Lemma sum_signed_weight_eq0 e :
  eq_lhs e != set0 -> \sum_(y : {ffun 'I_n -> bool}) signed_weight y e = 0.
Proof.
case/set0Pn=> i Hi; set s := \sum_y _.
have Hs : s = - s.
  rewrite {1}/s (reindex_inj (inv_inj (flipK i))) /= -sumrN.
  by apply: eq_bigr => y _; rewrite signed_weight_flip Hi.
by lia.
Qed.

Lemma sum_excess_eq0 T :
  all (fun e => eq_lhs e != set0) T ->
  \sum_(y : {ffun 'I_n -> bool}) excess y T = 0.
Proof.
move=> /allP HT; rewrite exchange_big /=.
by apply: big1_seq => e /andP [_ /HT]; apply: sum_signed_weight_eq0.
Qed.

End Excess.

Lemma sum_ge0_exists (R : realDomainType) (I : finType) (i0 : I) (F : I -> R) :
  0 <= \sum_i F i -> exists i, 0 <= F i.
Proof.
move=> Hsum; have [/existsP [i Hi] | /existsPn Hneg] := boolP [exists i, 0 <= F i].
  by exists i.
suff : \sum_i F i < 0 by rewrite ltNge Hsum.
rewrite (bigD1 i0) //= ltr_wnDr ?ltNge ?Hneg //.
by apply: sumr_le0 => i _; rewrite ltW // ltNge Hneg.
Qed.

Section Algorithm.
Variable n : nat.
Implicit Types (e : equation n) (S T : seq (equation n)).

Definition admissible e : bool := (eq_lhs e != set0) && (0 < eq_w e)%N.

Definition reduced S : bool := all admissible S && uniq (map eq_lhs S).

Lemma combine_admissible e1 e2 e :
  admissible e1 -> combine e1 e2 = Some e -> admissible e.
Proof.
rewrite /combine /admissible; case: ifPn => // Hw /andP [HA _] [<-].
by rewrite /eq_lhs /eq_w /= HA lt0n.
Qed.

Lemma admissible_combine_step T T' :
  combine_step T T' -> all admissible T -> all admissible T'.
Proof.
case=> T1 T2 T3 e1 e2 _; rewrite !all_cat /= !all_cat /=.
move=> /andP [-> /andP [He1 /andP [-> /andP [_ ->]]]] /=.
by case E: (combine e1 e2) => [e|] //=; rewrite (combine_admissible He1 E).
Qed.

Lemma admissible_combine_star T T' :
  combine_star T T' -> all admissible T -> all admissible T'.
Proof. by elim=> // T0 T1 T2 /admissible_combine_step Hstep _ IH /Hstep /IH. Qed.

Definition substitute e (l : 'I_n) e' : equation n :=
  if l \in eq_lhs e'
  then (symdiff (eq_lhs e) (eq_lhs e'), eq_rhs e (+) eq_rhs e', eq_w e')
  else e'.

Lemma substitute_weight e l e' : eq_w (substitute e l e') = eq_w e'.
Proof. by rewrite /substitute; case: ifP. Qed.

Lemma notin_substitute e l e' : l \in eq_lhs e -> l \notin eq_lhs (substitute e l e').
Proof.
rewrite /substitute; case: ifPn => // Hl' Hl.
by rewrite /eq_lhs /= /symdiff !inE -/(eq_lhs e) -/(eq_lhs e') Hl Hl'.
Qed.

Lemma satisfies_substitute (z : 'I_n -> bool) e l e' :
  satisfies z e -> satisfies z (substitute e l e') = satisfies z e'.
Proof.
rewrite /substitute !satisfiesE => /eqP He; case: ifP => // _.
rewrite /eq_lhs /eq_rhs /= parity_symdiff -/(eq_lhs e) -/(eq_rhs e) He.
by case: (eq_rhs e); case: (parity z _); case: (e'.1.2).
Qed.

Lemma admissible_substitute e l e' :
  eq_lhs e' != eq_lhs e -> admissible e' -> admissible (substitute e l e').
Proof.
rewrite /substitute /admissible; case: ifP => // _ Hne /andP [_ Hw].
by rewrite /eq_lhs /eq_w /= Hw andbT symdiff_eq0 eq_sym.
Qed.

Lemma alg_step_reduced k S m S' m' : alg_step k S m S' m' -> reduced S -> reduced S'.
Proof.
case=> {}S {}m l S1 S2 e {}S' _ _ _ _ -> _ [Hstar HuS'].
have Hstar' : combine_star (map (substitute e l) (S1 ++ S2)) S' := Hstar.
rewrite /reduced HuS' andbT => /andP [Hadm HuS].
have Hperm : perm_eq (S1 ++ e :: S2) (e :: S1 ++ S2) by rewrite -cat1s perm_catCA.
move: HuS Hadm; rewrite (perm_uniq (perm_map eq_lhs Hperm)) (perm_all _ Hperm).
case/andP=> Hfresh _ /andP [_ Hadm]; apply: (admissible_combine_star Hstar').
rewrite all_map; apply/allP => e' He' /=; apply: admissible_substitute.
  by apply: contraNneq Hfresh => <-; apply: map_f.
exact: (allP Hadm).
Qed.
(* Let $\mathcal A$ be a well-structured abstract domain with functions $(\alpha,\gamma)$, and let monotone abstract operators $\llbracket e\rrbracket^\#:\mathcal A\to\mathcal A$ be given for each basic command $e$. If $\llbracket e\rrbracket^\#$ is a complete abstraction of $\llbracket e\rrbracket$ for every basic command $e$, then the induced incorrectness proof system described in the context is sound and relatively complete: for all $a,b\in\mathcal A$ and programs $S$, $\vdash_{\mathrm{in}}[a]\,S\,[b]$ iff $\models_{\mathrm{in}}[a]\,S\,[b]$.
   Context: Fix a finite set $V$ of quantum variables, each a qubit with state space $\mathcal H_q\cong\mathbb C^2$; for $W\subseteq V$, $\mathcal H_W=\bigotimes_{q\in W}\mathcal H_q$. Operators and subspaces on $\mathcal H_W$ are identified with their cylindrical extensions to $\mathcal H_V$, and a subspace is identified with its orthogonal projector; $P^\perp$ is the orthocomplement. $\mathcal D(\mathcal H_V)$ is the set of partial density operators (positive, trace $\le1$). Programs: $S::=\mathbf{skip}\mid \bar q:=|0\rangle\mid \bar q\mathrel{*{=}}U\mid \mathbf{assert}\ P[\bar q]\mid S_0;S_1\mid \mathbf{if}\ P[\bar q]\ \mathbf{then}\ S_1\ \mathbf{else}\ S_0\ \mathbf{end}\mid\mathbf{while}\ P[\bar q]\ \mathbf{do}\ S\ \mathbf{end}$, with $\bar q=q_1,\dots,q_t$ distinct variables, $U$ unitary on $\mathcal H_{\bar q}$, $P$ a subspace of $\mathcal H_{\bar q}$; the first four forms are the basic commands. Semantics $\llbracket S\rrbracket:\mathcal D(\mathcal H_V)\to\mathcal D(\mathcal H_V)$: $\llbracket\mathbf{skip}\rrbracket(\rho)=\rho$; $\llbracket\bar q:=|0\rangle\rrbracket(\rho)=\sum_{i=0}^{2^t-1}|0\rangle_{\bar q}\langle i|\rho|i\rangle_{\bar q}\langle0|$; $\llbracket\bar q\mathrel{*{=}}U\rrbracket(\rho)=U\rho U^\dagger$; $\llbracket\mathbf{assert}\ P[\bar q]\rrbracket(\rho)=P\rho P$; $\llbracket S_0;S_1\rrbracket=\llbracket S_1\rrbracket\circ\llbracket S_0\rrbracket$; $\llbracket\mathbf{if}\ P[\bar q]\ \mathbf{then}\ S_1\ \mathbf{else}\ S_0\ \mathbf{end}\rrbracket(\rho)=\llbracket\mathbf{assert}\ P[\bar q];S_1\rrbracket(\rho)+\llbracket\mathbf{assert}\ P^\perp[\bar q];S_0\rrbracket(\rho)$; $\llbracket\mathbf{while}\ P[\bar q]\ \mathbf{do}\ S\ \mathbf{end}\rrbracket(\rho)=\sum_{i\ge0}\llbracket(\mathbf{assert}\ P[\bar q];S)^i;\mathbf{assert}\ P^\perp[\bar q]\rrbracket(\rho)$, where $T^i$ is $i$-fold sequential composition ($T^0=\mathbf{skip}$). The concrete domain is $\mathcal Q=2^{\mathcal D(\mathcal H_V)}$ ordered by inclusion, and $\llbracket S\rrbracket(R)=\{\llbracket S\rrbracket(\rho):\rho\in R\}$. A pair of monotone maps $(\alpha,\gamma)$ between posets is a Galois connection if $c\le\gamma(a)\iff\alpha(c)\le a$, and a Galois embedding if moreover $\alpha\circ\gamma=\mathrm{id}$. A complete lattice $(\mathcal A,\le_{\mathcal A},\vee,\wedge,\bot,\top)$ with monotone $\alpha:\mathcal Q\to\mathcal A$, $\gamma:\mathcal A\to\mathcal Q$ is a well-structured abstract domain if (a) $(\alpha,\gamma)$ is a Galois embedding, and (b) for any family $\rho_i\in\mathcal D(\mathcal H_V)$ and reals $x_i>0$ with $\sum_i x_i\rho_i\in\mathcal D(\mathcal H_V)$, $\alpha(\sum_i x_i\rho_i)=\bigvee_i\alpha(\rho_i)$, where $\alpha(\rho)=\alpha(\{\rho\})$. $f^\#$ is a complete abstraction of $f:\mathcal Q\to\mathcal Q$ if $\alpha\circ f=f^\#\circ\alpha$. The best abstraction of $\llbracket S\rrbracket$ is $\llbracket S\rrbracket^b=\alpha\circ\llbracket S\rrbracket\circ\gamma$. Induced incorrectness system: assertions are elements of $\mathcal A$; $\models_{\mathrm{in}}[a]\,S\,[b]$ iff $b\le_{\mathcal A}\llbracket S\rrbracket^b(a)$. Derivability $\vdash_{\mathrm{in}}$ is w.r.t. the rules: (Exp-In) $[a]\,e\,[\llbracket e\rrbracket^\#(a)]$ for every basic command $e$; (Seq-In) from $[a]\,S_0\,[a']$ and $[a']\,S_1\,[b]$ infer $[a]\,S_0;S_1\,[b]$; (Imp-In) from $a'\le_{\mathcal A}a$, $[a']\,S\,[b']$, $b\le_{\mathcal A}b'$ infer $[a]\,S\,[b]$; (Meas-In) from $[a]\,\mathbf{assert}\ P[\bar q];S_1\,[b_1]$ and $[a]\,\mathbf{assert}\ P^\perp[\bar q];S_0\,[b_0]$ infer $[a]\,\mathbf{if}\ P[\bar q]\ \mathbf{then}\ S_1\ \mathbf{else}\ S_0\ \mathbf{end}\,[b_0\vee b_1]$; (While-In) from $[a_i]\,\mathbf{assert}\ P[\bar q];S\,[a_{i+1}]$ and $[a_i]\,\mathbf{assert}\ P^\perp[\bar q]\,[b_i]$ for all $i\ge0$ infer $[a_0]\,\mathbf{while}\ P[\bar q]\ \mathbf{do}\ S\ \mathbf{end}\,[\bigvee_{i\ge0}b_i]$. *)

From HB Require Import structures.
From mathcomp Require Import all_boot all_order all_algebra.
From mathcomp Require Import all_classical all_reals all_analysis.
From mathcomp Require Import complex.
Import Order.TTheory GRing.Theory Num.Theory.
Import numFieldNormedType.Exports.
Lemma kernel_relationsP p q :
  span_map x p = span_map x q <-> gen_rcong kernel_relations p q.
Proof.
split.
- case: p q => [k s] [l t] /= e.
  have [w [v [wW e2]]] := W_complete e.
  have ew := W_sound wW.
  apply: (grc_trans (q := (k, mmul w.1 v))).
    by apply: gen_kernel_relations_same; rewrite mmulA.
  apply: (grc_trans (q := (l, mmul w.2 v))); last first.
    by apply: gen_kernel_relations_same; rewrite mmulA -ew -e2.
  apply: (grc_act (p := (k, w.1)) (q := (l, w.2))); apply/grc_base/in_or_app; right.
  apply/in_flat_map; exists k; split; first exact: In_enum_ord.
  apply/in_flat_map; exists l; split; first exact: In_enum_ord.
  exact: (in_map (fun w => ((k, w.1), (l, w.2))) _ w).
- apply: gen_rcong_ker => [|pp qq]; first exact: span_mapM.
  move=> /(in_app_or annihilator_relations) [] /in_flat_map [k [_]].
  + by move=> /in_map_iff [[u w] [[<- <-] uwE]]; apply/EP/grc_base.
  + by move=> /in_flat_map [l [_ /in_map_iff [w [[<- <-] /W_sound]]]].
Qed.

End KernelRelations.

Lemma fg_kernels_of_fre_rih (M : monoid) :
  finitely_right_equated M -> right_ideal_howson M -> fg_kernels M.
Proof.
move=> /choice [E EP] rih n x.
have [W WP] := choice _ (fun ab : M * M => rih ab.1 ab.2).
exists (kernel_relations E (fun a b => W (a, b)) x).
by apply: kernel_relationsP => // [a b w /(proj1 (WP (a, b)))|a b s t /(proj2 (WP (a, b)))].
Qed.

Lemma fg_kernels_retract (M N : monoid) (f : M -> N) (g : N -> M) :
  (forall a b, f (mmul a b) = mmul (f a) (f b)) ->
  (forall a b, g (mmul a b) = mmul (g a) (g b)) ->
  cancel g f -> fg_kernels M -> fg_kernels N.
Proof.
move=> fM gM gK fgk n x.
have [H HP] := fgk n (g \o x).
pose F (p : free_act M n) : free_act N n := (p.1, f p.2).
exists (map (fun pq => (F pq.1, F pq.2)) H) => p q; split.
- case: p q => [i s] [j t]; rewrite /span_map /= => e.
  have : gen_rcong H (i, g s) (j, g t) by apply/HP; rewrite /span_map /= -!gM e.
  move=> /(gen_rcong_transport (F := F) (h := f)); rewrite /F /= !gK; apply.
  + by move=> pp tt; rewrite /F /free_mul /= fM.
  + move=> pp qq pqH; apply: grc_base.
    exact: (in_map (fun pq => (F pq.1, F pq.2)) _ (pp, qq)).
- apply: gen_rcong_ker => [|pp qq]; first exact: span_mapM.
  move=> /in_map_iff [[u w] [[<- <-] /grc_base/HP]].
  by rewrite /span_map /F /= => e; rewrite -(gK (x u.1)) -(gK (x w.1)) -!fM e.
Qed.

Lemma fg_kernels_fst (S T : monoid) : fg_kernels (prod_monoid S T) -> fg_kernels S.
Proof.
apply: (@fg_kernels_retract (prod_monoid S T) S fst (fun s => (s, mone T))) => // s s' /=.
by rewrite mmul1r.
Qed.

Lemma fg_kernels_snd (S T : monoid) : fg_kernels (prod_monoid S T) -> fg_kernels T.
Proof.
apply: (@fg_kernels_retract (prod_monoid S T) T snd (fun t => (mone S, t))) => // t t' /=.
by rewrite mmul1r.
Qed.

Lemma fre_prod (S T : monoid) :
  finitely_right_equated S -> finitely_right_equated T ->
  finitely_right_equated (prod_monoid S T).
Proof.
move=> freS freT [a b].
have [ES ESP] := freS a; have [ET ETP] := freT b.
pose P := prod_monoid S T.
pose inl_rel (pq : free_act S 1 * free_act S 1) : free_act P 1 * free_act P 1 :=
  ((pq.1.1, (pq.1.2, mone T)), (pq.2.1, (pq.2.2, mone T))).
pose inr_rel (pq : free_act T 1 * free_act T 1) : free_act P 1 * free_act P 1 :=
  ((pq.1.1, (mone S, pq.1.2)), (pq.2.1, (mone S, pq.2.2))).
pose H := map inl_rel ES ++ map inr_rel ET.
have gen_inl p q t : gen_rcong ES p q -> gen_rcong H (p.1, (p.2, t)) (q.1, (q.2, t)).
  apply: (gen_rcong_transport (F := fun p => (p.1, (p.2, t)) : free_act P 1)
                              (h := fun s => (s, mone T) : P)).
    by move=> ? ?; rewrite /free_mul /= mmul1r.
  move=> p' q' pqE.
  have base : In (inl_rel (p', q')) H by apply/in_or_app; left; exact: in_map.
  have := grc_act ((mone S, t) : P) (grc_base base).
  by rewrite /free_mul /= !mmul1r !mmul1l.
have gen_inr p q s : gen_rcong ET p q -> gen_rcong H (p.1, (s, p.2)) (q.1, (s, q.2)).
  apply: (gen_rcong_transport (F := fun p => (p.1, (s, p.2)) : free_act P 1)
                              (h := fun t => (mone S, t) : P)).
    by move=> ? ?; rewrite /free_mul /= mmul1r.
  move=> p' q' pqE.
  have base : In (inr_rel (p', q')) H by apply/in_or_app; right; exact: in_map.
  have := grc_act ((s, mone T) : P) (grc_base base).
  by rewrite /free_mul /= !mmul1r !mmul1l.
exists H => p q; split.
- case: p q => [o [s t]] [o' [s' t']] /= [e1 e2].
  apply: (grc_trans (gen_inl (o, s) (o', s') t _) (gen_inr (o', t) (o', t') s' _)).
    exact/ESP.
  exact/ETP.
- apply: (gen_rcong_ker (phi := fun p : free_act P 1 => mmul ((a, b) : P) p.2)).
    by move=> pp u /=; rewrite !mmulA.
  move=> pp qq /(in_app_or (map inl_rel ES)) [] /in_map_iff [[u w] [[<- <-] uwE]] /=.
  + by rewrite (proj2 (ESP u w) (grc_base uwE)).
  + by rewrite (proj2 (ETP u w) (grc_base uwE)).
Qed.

WHAT TO PRODUCE: Reproduce each line above that contains "ffun".

TASK ANSWER:
  eq_lhs e != set0 -> \sum_(y : {ffun 'I_n -> bool}) signed_weight y e = 0.
  \sum_(y : {ffun 'I_n -> bool}) excess y T = 0.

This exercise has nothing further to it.